RasmussenLab / vCentenarian

Repository with supporting code and information for virome analysis of Centenarian metagenomes
3 stars 3 forks source link

Getting a vOTU query #2

Open AndAvia opened 2 months ago

AndAvia commented 2 months ago

hi, I download the vOTU.fna (There are 5251 vOTUs in there.)data in the text and used the MGV pipeline(https://github.com/snayfach/MGV/tree/master/viral_detection_pipeline), like this

conda activate hmmer
cd ~/virus1/temp/MGV/mgv/viral_detection_pipeline
cp ~/virus/viwrap_result/paper/vOTUs.fna ./input/
#Call viral genes
./prodigal.linux -i input/vOTUs.fna -a input/vOTUs.faa -d input/vOTUs.ffn -p meta -f gff > input/vOTUs.gff #5251
#Output files include proteins (.faa), genes (.ffn), and gene coordinates (.gff). Genes called in metagenomic mode (-p meta).

#Run HMMER on imgvr and pfam databases
hmmsearch -Z 1 --cpu 16 --noali --tblout output/imgvr.out input/imgvr.hmm input/vOTUs.faa
hmmsearch -Z 1 --cut_tc --cpu 16 --noali  --tblout output/pfam.out input/pfam.hmm input/vOTUs.faa
#Here the -Z 1 flag is specified to make E-values comparable between databases and between samples. The IMG/VR database contains viral genes while the Pfam database contains non-viral genes.

#Count genes hitting viral and microbial marker genes
python count_hmm_hits.py input/vOTUs.fna input/vOTUs.faa output/imgvr.out output/pfam.out > output/hmm_hits.tsv
#Each gene assigned according to its best hit with E-value <1e-10. We found that several of the HMMs from IMG/VR HMMs are commonly found in non-viral genomes and several of the HMMs from Pfam are commonly found in viral genomes. Those HMMs are excluded from the analysis.

#Run VirFinder
Rscript virfinder.R input/vOTUs.fna output/virfinder.tsv
#VirFinder scores each contig using a machine-learning algorithm based on kmers https://microbiomejournal.biomedcentral.com/articles/10.1186/s40168-017-0283-5

#Quantify strand switch rate of genes
python strand_switch.py input/vOTUs.fna input/vOTUs.faa > output/strand_switch.tsv
#Here the code scans the proteins from each genome in genomic order. It counts the nuber of strand switches (+ to - or - to +) and divides by the total number of genes.

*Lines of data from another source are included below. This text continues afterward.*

Lemma shadow_minimal_succ (i : 'I_n) : shadow_minimal i.+1 -> shadow_minimal i.
Proof.
move=> IH k t U H HF Uini UH.
have [k_le1|k_gt1] := leqP k 1; first exact: leq_card_shadow1_small.
have k_gt0 : 0 < k by lia.
have [G [GF cG sG Gsh]] := exists_shifted k (fun j => @shift_EM_ge n s i j k t) HF.
apply: leq_trans sG.
rewrite (card_shadow_shifted k_gt1 (EM_ge_uniform Uini.1) (colex_initial_shifted Uini)).
rewrite (card_shadow_shifted k_gt1 (EM_ge_uniform GF) Gsh).
have [le_link|lt_link] := leqP #|link i U| #|link i G|.
  apply: leq_add le_link (IH _ (t - (i < s)) _ _ _ _ le_link).
    exact: link_EM_ge.
  exact: link_colex_initial.
have lt_del : #|del i U| < #|del i G|.
  by have := card_del_link i U; have := card_del_link i G; lia.
have delGF := del_EM_ge GF.
set V := colex_init #|del i G| (EM_ge i.+1 k t).
have Vini : colex_initial (EM_ge i.+1 k t) V := colex_init_initial _ _.
have cardV : #|V| = #|del i G| by apply/card_colex_init/subset_leq_card.
have [c cV c_del] : exists2 c, c \in V & c \notin del i U.
  by apply: card_lt_notin; rewrite cardV.
have cU : c \notin U.
  apply: contra c_del => cU; apply/setIdP; split=> //.
  by have /EM_geP[_ gec _] := subsetP Vini.1 c cV; apply/negP => /gec; rewrite ltnn.
have link_V := subset_leq_card (link_sub_shadow Uini Vini cV cU).
have V_delG := IH k t V (del i G) delGF Vini (eq_leq cardV).
have := shadow_del i k G; rewrite (del_shadow k_gt0 (EM_ge_uniform GF) Gsh).
move=> /subset_leq_card delG_link.
have := leq_trans link_V (leq_trans V_delG delG_link).
by rewrite leqNgt lt_link.
Qed.

Lemma EM_ge_shadow_minimal p : shadow_minimal p.
Proof.
move: {2}(n - p) (leqnn (n - p)) => d; elim: d p => [|d IH] p pd.
  by apply: shadow_minimal_ge; lia.
have [pn|np] := ltnP p n; last exact: shadow_minimal_ge.
by apply: (@shadow_minimal_succ (Ordinal pn)); apply: IH => /=; lia.
Qed.

Lemma leq_card_shadow_colex_initial p k t l U H : l <= k -> H \subset EM_ge p k t ->
  colex_initial (EM_ge p k t) U -> #|U| <= #|H| -> #|shadow k l U| <= #|shadow k l H|.
Proof.
elim: l k t U H => [|l IH] k t U H lk HF Uini UH.
  by rewrite (shadow0 (EM_ge_uniform HF)) (shadow0 (EM_ge_uniform Uini.1)).
have k_gt0 : 0 < k by lia.
rewrite -(shadow_shadow1 l k_gt0 (EM_ge_uniform HF)).
rewrite -(shadow_shadow1 l k_gt0 (EM_ge_uniform Uini.1)).
apply: (IH _ (t - 1)); first by lia.
- exact: shadow_EM_ge.
- exact: shadow_colex_initial.
- exact: EM_ge_shadow_minimal HF Uini UH.
Qed.

End KruskalKatona.

Theorem corollary2p6 (n k s t l : nat) (H : {set {set 'I_n}}) :
  k <= n -> t <= s -> 1 <= l -> l <= k - 1 ->
  H \subset EM n k s t ->
  #|shadow k l (colex_init #|H| (EM n k s t))| <= #|shadow k l H|.
Proof.
move=> _ _ _ lk HEM; rewrite EM_ge0 in HEM *.
apply: leq_card_shadow_colex_initial HEM (colex_init_initial _ _) (leq_card_colex_init _ _).
by lia.
Qed.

#Create master table of sequence features
python master_table.py output/hmm_hits.tsv output/virfinder.tsv output/strand_switch.tsv > output/master_table.tsv

#Predict viral contigs
python viral_classify.py \
--features output/master_table.tsv \
--in_base input/vOTUs \
--out_base output/vOTUs #vOTUs.tsv  #最终得到2897个病毒

During the run no error was reported, all steps were 5251, after running the last step python viral_classify.py, finally only got 2897 viruses, in the literature the result was 4422, where is the problem, I see viral_classify.py used to a rules file classification_rules.tsv, is that file different from what you guys were using. Thanks for answering the questions!

joacjo commented 2 months ago

Hi Chuang Ma

Your result sounds quite different. You could run a tool like Vibrant to get closer to the set of 4422 vOTUs used in the analysis (see article "Furthermore, we also parsed vOTUs using VIBRANT (v.1.2.1, default settings) and found a 4240/4422 (96%) viral prediction agreement.").